Rinse rice and combine with water and salt in pot that is big enough for rice to triple in volume. Bring water to a boil, and then down to a bare simmer over low heat. Cover pot and cook for 40-45 minutes.  Drain rice of any excess water — at this point rice should be chewy and tender. Add drained rice back to pan (if you’ve removed it during the draining) and put cover back on pot and allow rice to sit for 10 minutes off-heat, covered. After 10 minutes, remove cover and fluff with fork. Add to wild rice and stir to combine in very large bowl, and set aside to cool.

Cook quinoa:

  • 1 cup quinoa — either white, red or a tricolor mix of white, red & black
  • 2 cups water
  • 1 teaspoon salt

Rinse quinoa and drain.  Combine with water and salt in pot that is big enough for quinoa to triple in volume. Bring water to a boil, and then down to a bare simmer over low heat. Cover pot and cook for 10-15 minutes.  Drain quinoa of any excess water. Quinoa is finished cooking when the grain appears translucent and soft, and the germ ring is visible along the outside edge of the grain.  Add to wild rice +  brown rice mixture, stir to combine in very large bowl, and set aside to cool.

  • 1/2 of a sweet onion, small diced
  • 1 bulb fennel, small diced
  • 2 sweet-tart apples such as McIntosh or Honeycrisp, small diced with peel on
  • 1 cup toasted, chopped pecans

Add to bowl that has cooled wild rice / brown rice / quinoa — stir to combine.

Make dressing:

  • 1/3 cup lemon juice
  • 2/3 cup olive oil
  • salt & pepper
  • 1 teaspoon (or more) honey (optional)

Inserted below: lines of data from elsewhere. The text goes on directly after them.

Lemma residue_in_F : F residue.
Proof.
  unfold residue; apply closed_bigcap; [exact closedF | |].
  - destruct k as [|[|k']]; [lia | lia | discriminate].
  - intros i Hi; apply in_seq in Hi.
    apply closed_bigcup; [exact closedF | apply others_neq_nil, Hk|].
    intros j Hj; apply in_others in Hj; apply separator_split; lia.
Qed.

Lemma cell_disjoint i j x : i < k -> j < k -> i <> j -> cell i x -> cell j x -> False.
Proof.
  intros Hi Hj Hij Hix Hjx; apply (separator_split i j) with x; auto.
  - apply Hix, in_others; auto.
  - apply Hjx, in_others; auto.
Qed.

Lemma cell_residue_disjoint i x : i < k - 1 -> cell i x -> residue x -> False.
Proof.
  intros Hi Hix Hres.
  destruct (Hres i) as [j [Hj Hji]]; [apply in_seq; lia|].
  apply in_others in Hj.
  apply (separator_split i j) with x; try lia; [apply Hix, in_others; lia | exact Hji].
Qed.

Lemma last_cell_sub_residue : subset (cell (k - 1)) residue.
Proof.
  intros x Hx i Hi; apply in_seq in Hi.
  exists (k - 1); split; [apply in_others; lia|].
  apply Hx, in_others; lia.
Qed.

(* Outside the cells i < k-1, each such i loses some separator to a j <> i. *)
Lemma cell_or_residue x : (exists i, i < k - 1 /\ cell i x) \/ residue x.
Proof.
  destruct (classic (exists i, i < k - 1 /\ cell i x)) as [Hcell|Hcell];
    [left; exact Hcell|].
  right; intros i Hi; apply in_seq in Hi.
  assert (Hnot : ~ cell i x)
    by (intros Hix; apply Hcell; exists i; split; [lia | exact Hix]).
  apply not_all_ex_not in Hnot as [j Hj].
  apply imply_to_and in Hj as [Hj Hnj].
  exists j; split; [exact Hj|]; apply in_others in Hj.
  destruct (separator_split i j) as (_ & _ & _ & Hcover); try lia.
  destruct (Hcover x); [contradiction | assumption].
Qed.

Lemma refinement_F_partition : F_partition F k refinement.
Proof.
  unfold refinement; split; [|split].
  - intros i Hi; destruct (Nat.ltb_spec i (k - 1));
      [apply cell_in_F, Hi | apply residue_in_F].
  - intros i j Hi Hj Hij x.
    destruct (Nat.ltb_spec i (k - 1)), (Nat.ltb_spec j (k - 1)); try lia.
    + apply cell_disjoint; auto.
    + apply cell_residue_disjoint; auto.
    + intros Hres Hjx; apply (cell_residue_disjoint j x); auto.
  - intros x; destruct (cell_or_residue x) as [[i [Hi Hix]]|Hres].
    + exists i; split; [lia|]; destruct (Nat.ltb_spec i (k - 1)); [exact Hix | lia].
    + exists (k - 1); split; [lia|].
      destruct (Nat.ltb_spec (k - 1) (k - 1)); [lia | exact Hres].
Qed.

Lemma cell_sub_refinement i : i < k -> subset (cell i) (refinement i).
Proof.
  intros Hi x Hx; unfold refinement; destruct (Nat.ltb_spec i (k - 1)); [exact Hx|].
  replace i with (k - 1) in Hx by lia; apply last_cell_sub_residue, Hx.
Qed.

End Refinement.

Lemma class_k_of_pairs {S : Type} (F : (S -> Prop) -> Prop) k (A : nat -> S -> Prop) :
  closed_union_inter F -> 2 <= k -> classification_problem k A ->
  (forall i j, i < k -> j < k -> i <> j -> class_k F 2 (pair_vec (A i) (A j))) ->
  class_k F k A.
Proof.
  intros closedF Hk HA Hpairs.
  destruct (complementary_separators F k A) as [D HD].
  { intros i j Hi Hj Hij; apply class_k_pair_vec_inv, Hpairs; auto. }
  split; [exact HA|]; exists (refinement _ k D); split.
  - apply refinement_F_partition; auto; apply HD.
  - apply vec_le_id; [lia|]; intros i Hi x Hx.
    apply cell_sub_refinement; [exact Hk | exact Hi |].
    intros j Hj; apply in_others in Hj.
    apply HD; [lia.. | exact Hx].
Qed.

Theorem lemma2p3 (S : Type) (F : (S -> Prop) -> Prop) (k : nat)
    (A : nat -> S -> Prop) :
  infinite_set (fun _ : S => True) ->
  closed_union_inter F ->
  classification_problem k A ->
  2 <= k ->
  (class_k F k A <->
   forall i j, i < k -> j < k -> i <> j ->
     class_k F 2 (pair_vec (A i) (A j))).
Proof.
  intros _ closedF HA Hk; split.
  - apply class_k_pairs; auto.
  - apply class_k_of_pairs; auto.
Qed.
(* Let $Q$ be an $ADE$ Dynkin type quiver and $\mathcal{E}$ an exact structure on $\operatorname{rep}(Q)$. Let $T,T'\in\operatorname{Tilt}(Q)$. If $T'\approx_{\mathcal{E}}T$, then $\operatorname{GS}_{\mathcal{E}}(T')=\operatorname{GS}_{\mathcal{E}}(T)$.
   Context: $Q$ is a quiver whose underlying graph is a Dynkin diagram of type $A_n$, $D_n$ ($n\ge4$), $E_6$, $E_7$ or $E_8$; $\operatorname{rep}(Q)$ is the (hereditary, abelian) category of finite-dimensional representations over an algebraically closed field. Subcategories are full and additive (closed under finite sums and summands). An exact structure $\mathcal{E}$ is a class of short exact sequences closed under isomorphism, containing split sequences, whose $\mathcal{E}$-monomorphisms and $\mathcal{E}$-epimorphisms are closed under composition, and closed under pushouts and pullbacks along arbitrary morphisms. $\operatorname{Gen}_{\mathcal{E}}(\mathscr{C})$: additively generated by cokernels of $\mathcal{E}$-monomorphisms $X\to Y$ with $Y\in\mathscr{C}$; $\operatorname{Sub}_{\mathcal{E}}(\mathscr{C})$: additively generated by kernels of $\mathcal{E}$-epimorphisms $Y\to X$ with $Y\in\mathscr{C}$; $\operatorname{GS}^0_{\mathcal{E}}(\mathscr{C})=\mathscr{C}$, $\operatorname{GS}^i_{\mathcal{E}}(\mathscr{C})$ additively generated by $\operatorname{Gen}_{\mathcal{E}}(\operatorname{GS}^{i-1}_{\mathcal{E}}(\mathscr{C}))\cup\operatorname{Sub}_{\mathcal{E}}(\operatorname{GS}^{i-1}_{\mathcal{E}}(\mathscr{C}))$, $\operatorname{GS}_{\mathcal{E}}(\mathscr{C})=\bigcup_i\operatorname{GS}^i_{\mathcal{E}}(\mathscr{C})$, $\operatorname{GS}_{\mathcal{E}}(T)=\operatorname{GS}_{\mathcal{E}}(\operatorname{add}T)$. $\operatorname{Tilt}(Q)$ is the set of isomorphism classes of tilting representations ($\operatorname{Ext}^1(T,T)=0$ and each projective $P$ fits in $0\to P\to T_0\to T_1\to0$ with $T_i\in\operatorname{add}T$). Approximations: for a subcategory $\mathscr{M}$, a left $\mathscr{M}$-approximation of $X$ is $f:X\to C$, $C\in\mathscr{M}$, through which every map from $X$ to an object of $\mathscr{M}$ factors; minimal if every $\alpha:C\to C$ with $\alpha f=f$ is an isomorphism; a left $(\mathscr{M},\mathcal{E})$-approximation if also $f$ is an $\mathcal{E}$-monomorphism; right versions $g:C\to X$ are dual ($g\beta=g$, $g$ an $\mathcal{E}$-epimorphism). For $T\in\operatorname{Tilt}(Q)$ and indecomposable $U$: if $U$ is a summand, $T=\widetilde T\oplus U$, and $U$ has a minimal left $(\operatorname{add}\widetilde T,\mathcal{E})$-approximation $f$, then $T$ admits a left $\mathcal{E}$-mutation at $U$ and $\mu^-_{U,\mathcal{E}}(T)=\widetilde T\oplus\operatorname{Coker}f$; if $U$ has a minimal right $(\operatorname{add}\widetilde T,\mathcal{E})$-approximation $g$, $T$ admits a right $\mathcal{E}$-mutation and $\mu^+_{U,\mathcal{E}}(T)=\widetilde T\oplus\operatorname{Ker}g$ (at most one of these occurs). $\mu_{U,\mathcal{E}}(T)$ is $\mu^-_{U,\mathcal{E}}(T)$, resp. $\mu^+_{U,\mathcal{E}}(T)$, if the corresponding mutation exists, and $T$ otherwise. $T\approx_{\mathcal{E}}T'$ iff $T'\cong\mu_{U_m,\mathcal{E}}\circ\cdots\circ\mu_{U_1,\mathcal{E}}(T)$ for some indecomposables $U_1,\dots,U_m$ ($m\ge0$). *)

(* Finite-dimensional representations of a finite quiver
   over a field, encoded concretely by matrices (row-vector convention:
   a linear map V -> W is a matrix M acting by v |-> v *m M). *)
From HB Require Import structures.
From mathcomp Require Import all_boot all_order all_algebra.
Set Implicit Arguments. Unset Strict Implicit. Unset Printing Implicit Defensive.
Import GRing.Theory.
Local Open Scope ring_scope.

Whisk together lemon juice and olive oil, to create emulsion. Season with salt & pepper (and honey, if using). Taste and adjust seasoning as needed.

Pour over salad-ingredients in very large bowl, and stir to distribute.

Yield: this easily makes 5 or 6 heaping 1 cup servings, and lasts for 5 days, refrigerated. Sir to redistribute dressing before serving.